[Excerpts from a dataset]
'''

Lemma cylinder_embedding n (L : nat -> R) tau :
  (1 <= n)%nat -> smooth1 tau -> periodic1 tau -> 0 < L 0%nat -> RInt tau 0 1 = 0 ->
  exists L0 Gt Gx, 0 < L0 /\ cylinder_curve_lift L0 Gt Gx /\
    induces n (product_lift Gt Gx L) (flat_metric L) (Kbar_of tau (L 0%nat)).
Proof.
  intros Hn Ht Hp Hc Hcirc.
  set (c := L 0%nat) in *.
  assert (weight_periodic : forall c', periodic1 (weight c' tau)).
  { intros c' s. rewrite weight_shift, Hcirc, Rmult_0_r, exp_0 by auto. ring. }
  set (P := RInt (weight c tau) 0 1). set (M := RInt (weight (- c) tau) 0 1).
  assert (HP : 0 < P) by (apply RInt_gt_0; auto using weight_pos, smooth1_continuous,
    smooth1_weight; lra).
  assert (HM : 0 < M) by (apply RInt_gt_0; auto using weight_pos, smooth1_continuous,
    smooth1_weight; lra).
  (* Rescaling the two null coordinates by a = c alpha and g = c / alpha keeps a g = c^2;
     alpha is chosen so that both advance by the same amount a P = g M over a period,
     which makes the time coordinate periodic. *)
  set (alpha := sqrt (M / P)).
  assert (Halpha : 0 < alpha) by (apply sqrt_lt_R0, Rdiv_lt_0_compat; auto).
  assert (Halpha2 : alpha * alpha = M / P)
    by (apply sqrt_sqrt; left; apply Rdiv_lt_0_compat; auto).
  set (a := c * alpha). set (g := c / alpha).
  assert (Ha : 0 < a) by (apply Rmult_lt_0_compat; auto).
  assert (Hg : 0 < g) by (apply Rdiv_lt_0_compat; auto).
  assert (balance : g * M = a * P).
  { unfold a, g. replace M with (alpha * alpha * P) by (rewrite Halpha2; field; lra).
    field. lra. }
  set (U := fun s => a * RInt (weight c tau) 0 s).
  set (W := fun s => g * RInt (weight (- c) tau) 0 s).
  assert (HU : forall x, is_derive U x (a * weight c tau x)).
  { intros. apply (is_derive_scal (RInt (weight c tau) 0)), is_derive_RInt_from_0.
    apply smooth1_continuous, smooth1_weight, Ht. }
  assert (HW : forall x, is_derive W x (g * weight (- c) tau x)).
  { intros. apply (is_derive_scal (RInt (weight (- c) tau) 0)), is_derive_RInt_from_0.
    apply smooth1_continuous, smooth1_weight, Ht. }
  assert (U_shift : forall s, U (s + 1) = U s + a * P).
  { intros s. unfold U. rewrite RInt_from_0_periodic_shift;
      auto using smooth1_continuous, smooth1_weight. fold P. ring. }
  assert (W_shift : forall s, W (s + 1) = W s + a * P).
  { intros s. unfold W. rewrite RInt_from_0_periodic_shift, <- balance;
      auto using smooth1_continuous, smooth1_weight. fold M. ring. }
  assert (HL0 : 0 < a * P) by (apply Rmult_lt_0_compat; auto).
  exists (a * P), (null_t U W), (null_x U W). split; [exact HL0 | split].
  - apply (null_curve_cylinder L tau a g); auto.
  - apply (null_curve_induces L tau a g); auto. unfold a, g, c. field. lra.
Qed.
Lemma pblock_restr (U : {set gT}) x : is_aset G S U -> x \in U ->
  pblock (restr_sring S U) x = pblock S x.
Proof.
move=> aU Ux; have Gx : x \in G by case/asetP: aU => /subsetP->.
apply: def_pblock; last exact: mem_pblock_basic.
  by apply: trivIsetS sring_trivIset; apply/subsetP => X; rewrite inE => /andP [].
by rewrite inE pblock_basic ?aset_pblock.
Qed.

Lemma sring_rad_restr (U : {group gT}) u : is_asubgroup G S U -> generator U u ->
  sring_rad U (restr_sring S U) = U :&: rad G (pblock S u).
Proof.
case/andP=> sUG aU genu; have Uu : u \in U by rewrite (eqP genu) cycle_id.
rewrite /sring_rad; case: pickP => [g /andP [Ug /eqP geng] | /(_ u)]; last by rewrite Uu genu.
have [Gg Gu] := (subsetP sUG g Ug, subsetP sUG u Uu).
by rewrite pblock_restr // (radI _ sUG) (rad_pblock_cycle Gg Gu) // -geng -(eqP genu).
Qed.

End SRing.

Section WreathDecomposition.
Variables (gT : finGroupType) (p : nat) (G : {group gT}) (S : {set {set gT}}).

Definition min_asubgroup : {group gT} :=
  (\bigcap_(H : {group gT} | is_asubgroup G S H && (H :!=: 1)) H)%G.

Definition unstable_basic := [set X in S | ~~ (min_asubgroup \subset rad G X)].

Definition unstable_span : {group gT} := <<cover unstable_basic>>%G.

Hypotheses (pG : p.-group G) (cycG : cyclic G) (sS : is_sring G S) (ntG : G :!=: 1).

Local Notation L := min_asubgroup.
Local Notation U := unstable_span.

Let cGG : abelian G := cyclic_abelian cycG.

Lemma min_asubgroup_sub (H : {group gT}) :
  is_asubgroup G S H -> H :!=: 1 -> L \subset H.
Proof. by move=> aH ntH; apply: bigcap_inf; rewrite aH ntH. Qed.

Lemma asubgroup_min : is_asubgroup G S L.
Proof.
have sLG : L \subset G by rewrite min_asubgroup_sub // /is_asubgroup subxx asetG.
rewrite /is_asubgroup sLG; apply/(asetP sS); split=> // x Lx.
apply/bigcapsP => H /andP [aH ntH]; case/andP: (aH) => _ /(aset_pblock sS); apply.
by move: Lx; rewrite /= => /bigcapP; apply; rewrite aH ntH.
Qed.

Lemma min_asubgroup_neq1 : L :!=: 1.
Proof.
have [pr_p p_G _] := pgroup_pdiv pG ntG; have [w Gw ow] := Cauchy pr_p p_G.
apply/trivgPn; exists w; last by rewrite -order_gt1 ow prime_gt1.
apply/bigcapP => H /andP [/andP [sHG _] ntH].
have [_ p_H _] := pgroup_pdiv (pgroupS sHG pG) ntH.
by rewrite -cycle_subG -(cardSg_cyclic cycG) ?cycle_subG // -orderE ow.
Qed.

Lemma mem_unstable_basic X :
  (X \in unstable_basic) = (X \in S) && ~~ (L \subset rad G X).
Proof. by rewrite inE. Qed.

Let sLG : L \subset G. Proof. by case/andP: asubgroup_min. Qed.

Let sFS : unstable_basic \subset S.
Proof. by apply/subsetP => X; rewrite mem_unstable_basic => /andP []. Qed.

(* If L stabilised the basic set of [l \in L], that set would contain
   [l * l^-1 = 1], hence be [set 1], whose radical is trivial. *)
Lemma min_asubgroup_sub_cover : L \subset cover unstable_basic.
Proof.
apply/subsetP => l Ll; have Gl := subsetP sLG l Ll.
apply/bigcupP; exists (pblock S l); last by apply: (mem_pblock_basic sS).
rewrite mem_unstable_basic (pblock_basic sS Gl) /=; apply/negP => sLR.
have X1 : pblock S l = [set 1].
  apply: (basic_set1 sS (pblock_basic sS Gl)).
  exact: rad_mem1 (mem_pblock_basic sS Gl) (subsetP sLR _ (groupVr Ll)).
by move: sLR; rewrite X1 rad_set1 subG1 (negbTE min_asubgroup_neq1).
Qed.

Lemma asubgroup_unstable_span : is_asubgroup G S U.
Proof.
have aF := aset_cover sS sFS; have /(asetP sS) [sFG _] := aF.
by rewrite /is_asubgroup gen_subG sFG aset_gen.
Qed.

Let sUG : U \subset G. Proof. by case/andP: asubgroup_unstable_span. Qed.

Lemma min_asubgroup_sub_span : L \subset U.
Proof. exact: subset_trans min_asubgroup_sub_cover (sub_gen _). Qed.

Lemma wreath_unstable_span : is_wreath G S U L.
Proof.
rewrite /is_wreath -sub_abelian_normal // sLG /=.
apply/forall_inP => X SX; apply/implyP; apply: contraR => nLX.
apply/subsetP => x Xx; apply: mem_gen; apply/bigcupP.
by exists X; rewrite // mem_unstable_basic SX.
Qed.

Lemma unstable_span_generator :
  exists2 t, <[t]> = U & ~~ (L \subset rad G (pblock S t)).
Proof.
have neF : cover unstable_basic != set0.
  by apply/set0Pn; exists 1; apply: subsetP min_asubgroup_sub_cover _ _.
have [t Ft tU] := cyclic_pgroup_gen_cycle (pgroupS sUG pG) (cyclicS sUG cycG) neF.
exists t => //; case/bigcupP: Ft => X; rewrite mem_unstable_basic => /andP [SX nLX] Xt.
by rewrite (pblock_basicE sS SX Xt).
Qed.

Lemma unstable_span_proper : sring_rad G S != 1 -> U :!=: G.
Proof.
move=> ntR; have [t tU nLt] := unstable_span_generator; apply: contra nLt => /eqP UG.
have Gt : t \in G by rewrite -UG -tU cycle_id.
have genG : generator G t by rewrite /generator -UG tU.
rewrite (sring_radE sS cGG pG genG) in ntR.
exact: min_asubgroup_sub (asubgroup_rad sS cGG (pblock_basic sS Gt)) ntR.
Qed.

Lemma sring_rad_unstable_span : sring_rad U (restr_sring S U) = 1.
Proof.
have [t tU nLt] := unstable_span_generator.
have genU : generator U t by rewrite /generator tU.
have Gt : t \in G by rewrite (subsetP sUG) // -tU cycle_id.
rewrite (sring_rad_restr sS cGG pG asubgroup_unstable_span genU).
apply/eqP; apply: contraNT nLt => ntI.
have aI : is_asubgroup G S (U :&: rad_group G (pblock S t))%G.
  case/andP: asubgroup_unstable_span => _ aU.
  by rewrite /is_asubgroup subIset ?sUG // asetI // rad_aset // (pblock_basic sS Gt).
by have := min_asubgroup_sub aI ntI; rewrite subsetI => /andP [].
Qed.

End WreathDecomposition.

Theorem lemma5p2 (gT : finGroupType) (p : nat) (G : {group gT})
  (S : {set {set gT}}) :
  prime p -> p.-group G -> cyclic G -> is_sring G S ->
  sring_rad G S != 1 ->
  exists U L : {group gT},
    [/\ is_asection G S U L, is_proper_wreath G S U L &
        sring_rad U (restr_sring S U) = 1].
Proof.
move=> _ pG cycG sS ntR.
have ntG : G :!=: 1.
  by apply: contraNneq ntR => G1; apply/eqP/trivgP; rewrite -G1 rad_sub.
have [sUG _] := andP (asubgroup_unstable_span sS).
exists (unstable_span G S), (min_asubgroup G S); split.
- rewrite /is_asection asubgroup_unstable_span // asubgroup_min //=.
  rewrite -sub_abelian_normal ?(min_asubgroup_sub_span pG) //.
  exact: abelianS sUG (cyclic_abelian cycG).
- rewrite /is_proper_wreath wreath_unstable_span // (min_asubgroup_neq1 S pG) //.
  exact: unstable_span_proper pG cycG sS ntG ntR.
- exact: sring_rad_unstable_span pG cycG sS ntG.
Qed.
(* Let $\lambda>0$, $\gamma\ge0$ and $\omega\in[-\pi,\pi]$, and put $\delta=(\sqrt{\gamma^2+1}-1)/\gamma$ (with $\delta=0$ if $\gamma=0$). The Kullback–Leibler divergence $$KL(\mathrm{GCPC}\,\|\,\mathrm{CIPC})=\int_{-\pi}^{\pi}f_{GCPC}(\theta)\log\frac{f_{GCPC}(\theta)}{f_{CIPC}(\theta)}\,d\theta$$ between $\mathrm{GCPC}(\omega,\gamma,\lambda)$ and $\mathrm{CIPC}(\omega,\gamma)$ equals $$-\frac12\log\lambda+2\log\!\left(\frac{\sqrt{\lambda}(1-\delta^2)+1+\delta^2}{2}\right)-\log(1-\delta^2)+E_{WC}\!\left[\log\!\left(\sqrt{\gamma^2+1}-\frac{\gamma\cos\psi}{\sqrt{1+(\lambda-1)\sin^2\psi}}\right)\right],$$ where the expectation is over $\psi\sim\mathrm{WC}(0,\delta)$.
   Context: For $\lambda>0$, $\gamma\ge0$ and $\omega\in[-\pi,\pi]$, the distribution $\mathrm{GCPC}(\omega,\gamma,\lambda)$ is the distribution on the circle with density $$f_{GCPC}(\theta)=\frac{1}{2\pi\sqrt{\lambda}\,\bigl(b\sqrt{\gamma^2+1}-\gamma\cos\phi\,\sqrt{b}\bigr)},\qquad \phi=\theta-\omega,\quad b=\cos^2\phi+\frac{\sin^2\phi}{\lambda}.$$ The distribution $\mathrm{CIPC}(\omega,\gamma)$ has density $f_{CIPC}(\theta)=\dfrac{1}{2\pi(\sqrt{\gamma^2+1}-\gamma\cos(\theta-\omega))}$. For $0\le\delta<1$, the distribution $\mathrm{WC}(0,\delta)$ has density $\dfrac{1-\delta^2}{2\pi(1+\delta^2-2\delta\cos\psi)}$ on $(-\pi,\pi]$. *)

From Stdlib Require Import Reals.
From Coquelicot Require Import Coquelicot.
Open Scope R_scope.

Definition f_GCPC (omega gamma lambda theta : R) : R :=
  let phi := theta - omega in
  let b := (cos phi)^2 + (sin phi)^2 / lambda in
  1 / (2 * PI * sqrt lambda *
       (b * sqrt (gamma^2 + 1) - gamma * cos phi * sqrt b)).

Definition f_CIPC (omega gamma theta : R) : R :=
  1 / (2 * PI * (sqrt (gamma^2 + 1) - gamma * cos (theta - omega))).

Definition f_WC (delta psi : R) : R :=
  (1 - delta^2) / (2 * PI * (1 + delta^2 - 2 * delta * cos psi)).

Definition delta_of (gamma : R) : R :=
  if Req_EM_T gamma 0 then 0 else (sqrt (gamma^2 + 1) - 1) / gamma.

Definition KL_GCPC_CIPC (omega gamma lambda : R) : R :=
  RInt (fun theta => f_GCPC omega gamma lambda theta *
          ln (f_GCPC omega gamma lambda theta / f_CIPC omega gamma theta))
       (-PI) PI.

Definition E_WC (delta : R) (h : R -> R) : R :=
  RInt (fun psi => f_WC delta psi * h psi) (-PI) PI.

From Stdlib Require Import Reals Lra.
From Coquelicot Require Import Coquelicot.
Open Scope R_scope.

(* Rotating by [omega] reduces to [omega = 0].  The substitution
   [theta = arg (cos u + i sqrt lambda sin u)], with [d theta / d u = sqrt lambda / W u] where
   [W u = cos^2 u + lambda sin^2 u], carries the GCPC law to the CIPC law, which is WC(0, delta); at
   such [theta] the density ratio is [W u * B u / (sqrt lambda * A u)], with
   [A u = sqrt (gamma^2 + 1) - gamma cos u] and [B] the term of the statement.  The divergence is
   therefore a WC(0, delta) expectation of four logarithms.  Those of [A] and [W] follow from the
   Poisson-Jensen formula [E_WC r (ln (1 + s^2 - 2 s cos u)) = 2 ln (1 - r s)], proved by
   differentiating in [s]: [A u] is proportional to [1 + delta^2 - 2 delta cos u], [W u] to
   [1 + q^2 - 2 q cos 2u] with [q = (sqrt lambda - 1) / (sqrt lambda + 1)], and doubling the angle
   maps WC(r) to WC(r^2). *)

Lemma sin_cos_sq (x : R) : sin x ^ 2 + cos x ^ 2 = 1.
Proof. pose proof (sin2_cos2 x) as H. unfold Rsqr in H. lra. Qed.

Lemma cos_periodic (x : R) : cos (x + 2 * PI) = cos x.
Proof. rewrite cos_plus, cos_2PI, sin_2PI. ring. Qed.

Lemma sin_periodic (x : R) : sin (x + 2 * PI) = sin x.
Proof. rewrite sin_plus, cos_2PI, sin_2PI. ring. Qed.

Lemma ln_sqrt (x : R) : 0 < x -> ln (sqrt x) = ln x / 2.
Proof.
  intros Hx. pose proof (sqrt_lt_R0 x Hx).
  rewrite <- (sqrt_sqrt x) at 2 by lra. rewrite ln_mult by auto. field.
Qed.

Lemma div_sqrt_le_1 (C W : R) : 0 < W -> C ^ 2 <= W -> C / sqrt W <= 1.
Proof.
  intros HW HC. pose proof (sqrt_lt_R0 _ HW).
  apply (Rmult_le_reg_r (sqrt W)); auto. field_simplify; [| lra].
  destruct (Rle_or_lt C 0); [lra |].
  rewrite <- (sqrt_pow2 C) by lra. apply sqrt_le_1_alt, HC.
Qed.

Lemma poisson_den_pos (r u : R) : -1 < r < 1 -> 0 < 1 + r ^ 2 - 2 * r * cos u.
Proof.
  intros Hr. pose proof (COS_bound u).
  destruct (Rle_or_lt 0 r); nra.
Qed.

Lemma continuous_const_R (c x : R) : continuous (fun _ : R => c) x.
Proof. apply (@continuous_const R_UniformSpace R_UniformSpace). Qed.

Lemma continuous_plus_R (f g : R -> R) (x : R) :
  continuous f x -> continuous g x -> continuous (fun y => f y + g y) x.
Proof. apply (@continuous_plus R_UniformSpace R_AbsRing R_NormedModule). Qed.

Lemma continuous_minus_R (f g : R -> R) (x : R) :
  continuous f x -> continuous g x -> continuous (fun y => f y - g y) x.
Proof. apply (@continuous_minus R_UniformSpace R_AbsRing R_NormedModule). Qed.

Lemma continuous_mult_R (f g : R -> R) (x : R) :
  continuous f x -> continuous g x -> continuous (fun y => f y * g y) x.
Proof. apply (@continuous_mult R_UniformSpace R_AbsRing). Qed.

Lemma locally_unit_interval (s : R) : -1 < s < 1 -> locally s (fun y => -1 < y < 1).
Proof. intros Hs. apply (locally_interval _ s (-1) 1); simpl; auto; lra. Qed.

Lemma locally_2d_unit_interval (s t : R) : -1 < s < 1 ->
  locally_2d (fun y _ => -1 < y < 1) s t.
Proof.
  intros Hs. destruct (locally_unit_interval s Hs) as [e He].
  exists e. intros u v Hu _. apply He. exact Hu.
Qed.

Lemma ex_RInt_continuous_R (f : R -> R) (a b : R) :
  (forall x, continuous f x) -> ex_RInt f a b.
Proof. intros Hf. apply (@ex_RInt_continuous R_CompleteNormedModule). auto. Qed.

Lemma RInt_plus_continuous (f g : R -> R) (a b : R) :
  (forall x, continuous f x) -> (forall x, continuous g x) ->
  RInt (fun x => f x + g x) a b = RInt f a b + RInt g a b.
Proof. intros Hf Hg. apply (RInt_plus f g); apply ex_RInt_continuous_R; auto. Qed.

Lemma RInt_minus_continuous (f g : R -> R) (a b : R) :
  (forall x, continuous f x) -> (forall x, continuous g x) ->
  RInt (fun x => f x - g x) a b = RInt f a b - RInt g a b.
Proof. intros Hf Hg. apply (RInt_minus f g); apply ex_RInt_continuous_R; auto. Qed.

Lemma RInt_translate (f : R -> R) (v a b : R) : (forall x, continuous f x) ->
  RInt (fun y => f (y + v)) a b = RInt f (a + v) (b + v).
Proof.
  intros Hf.
  replace (a + v) with (1 * a + v) by ring. replace (b + v) with (1 * b + v) by ring.
  rewrite <- (RInt_comp_lin f 1 v a b) by (apply ex_RInt_continuous_R; auto).
  apply RInt_ext. intros x _. replace (1 * x + v) with (x + v) by ring. symmetry. apply Rmult_1_l.
Qed.

Lemma RInt_periodic (f : R -> R) (T a b : R) :
  (forall x, continuous f x) -> (forall x, f (x + T) = f x) ->
  RInt f a (a + T) = RInt f b (b + T).
Proof.
  intros Hf Hper.
  assert (Hex : forall c d, ex_RInt f c d) by (intros; apply ex_RInt_continuous_R; auto).
  assert (Hshift : forall c, RInt f T (c + T) = RInt f 0 c).
  { intros c. transitivity (RInt f (0 + T) (c + T)); [now rewrite Rplus_0_l |].
    rewrite <- RInt_translate by auto. apply RInt_ext. intros x _. apply Hper. }
  assert (Hbase : forall c, RInt f c (c + T) = RInt f 0 T).
  { intros c.
    rewrite <- (RInt_Chasles f c 0 (c + T)), <- (RInt_Chasles f 0 T (c + T)), Hshift by auto.
    rewrite <- (opp_RInt_swap f c 0) by auto.
    unfold plus, opp; simpl. ring. }
  now rewrite !Hbase.
Qed.

Lemma RInt_periodic_translate (f : R -> R) (w : R) :
  (forall x, continuous f x) -> (forall x, f (x + 2 * PI) = f x) ->
  RInt (fun t => f (t - w)) (-PI) PI = RInt f (-PI) PI.
Proof.
  intros Hf Hper. rewrite (RInt_translate f (- w)) by auto.
  replace (PI + - w) with ((-PI + - w) + 2 * PI) by ring.
  transitivity (RInt f (-PI) (-PI + 2 * PI)); [apply RInt_periodic; auto | f_equal; ring].
Qed.

(** * Expectations under the wrapped Cauchy law *)

Section WrappedCauchy.

Variable r : R.
Hypothesis Hr : -1 < r < 1.

Lemma f_WC_continuous (x : R) : continuous (f_WC r) x.
Proof.
  apply (ex_derive_continuous (f_WC r)). unfold f_WC.
  pose proof (poisson_den_pos r x Hr). pose proof PI_RGT_0. auto_derive. nra.
Qed.

Lemma continuous_f_WC_mult (F : R -> R) (x : R) :
  continuous F x -> continuous (fun u => f_WC r u * F u) x.
Proof. intros HF. apply continuous_mult_R; auto using f_WC_continuous. Qed.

'''

** Task **
Return only the lines between the one holding "rewrite <- (sqrt_sqrt" and the one holding "RInt (fun x => f x +", inclusive, exactly as they appear above.

** Final answer **
  rewrite <- (sqrt_sqrt x) at 2 by lra. rewrite ln_mult by auto. field.
Qed.

Lemma div_sqrt_le_1 (C W : R) : 0 < W -> C ^ 2 <= W -> C / sqrt W <= 1.
Proof.
  intros HW HC. pose proof (sqrt_lt_R0 _ HW).
  apply (Rmult_le_reg_r (sqrt W)); auto. field_simplify; [| lra].
  destruct (Rle_or_lt C 0); [lra |].
  rewrite <- (sqrt_pow2 C) by lra. apply sqrt_le_1_alt, HC.
Qed.

Lemma poisson_den_pos (r u : R) : -1 < r < 1 -> 0 < 1 + r ^ 2 - 2 * r * cos u.
Proof.
  intros Hr. pose proof (COS_bound u).
  destruct (Rle_or_lt 0 r); nra.
Qed.

Lemma continuous_const_R (c x : R) : continuous (fun _ : R => c) x.
Proof. apply (@continuous_const R_UniformSpace R_UniformSpace). Qed.

Lemma continuous_plus_R (f g : R -> R) (x : R) :
  continuous f x -> continuous g x -> continuous (fun y => f y + g y) x.
Proof. apply (@continuous_plus R_UniformSpace R_AbsRing R_NormedModule). Qed.

Lemma continuous_minus_R (f g : R -> R) (x : R) :
  continuous f x -> continuous g x -> continuous (fun y => f y - g y) x.
Proof. apply (@continuous_minus R_UniformSpace R_AbsRing R_NormedModule). Qed.

Lemma continuous_mult_R (f g : R -> R) (x : R) :
  continuous f x -> continuous g x -> continuous (fun y => f y * g y) x.
Proof. apply (@continuous_mult R_UniformSpace R_AbsRing). Qed.

Lemma locally_unit_interval (s : R) : -1 < s < 1 -> locally s (fun y => -1 < y < 1).
Proof. intros Hs. apply (locally_interval _ s (-1) 1); simpl; auto; lra. Qed.

Lemma locally_2d_unit_interval (s t : R) : -1 < s < 1 ->
  locally_2d (fun y _ => -1 < y < 1) s t.
Proof.
  intros Hs. destruct (locally_unit_interval s Hs) as [e He].
  exists e. intros u v Hu _. apply He. exact Hu.
Qed.

Lemma ex_RInt_continuous_R (f : R -> R) (a b : R) :
  (forall x, continuous f x) -> ex_RInt f a b.
Proof. intros Hf. apply (@ex_RInt_continuous R_CompleteNormedModule). auto. Qed.

Lemma RInt_plus_continuous (f g : R -> R) (a b : R) :
  (forall x, continuous f x) -> (forall x, continuous g x) ->
  RInt (fun x => f x + g x) a b = RInt f a b + RInt g a b.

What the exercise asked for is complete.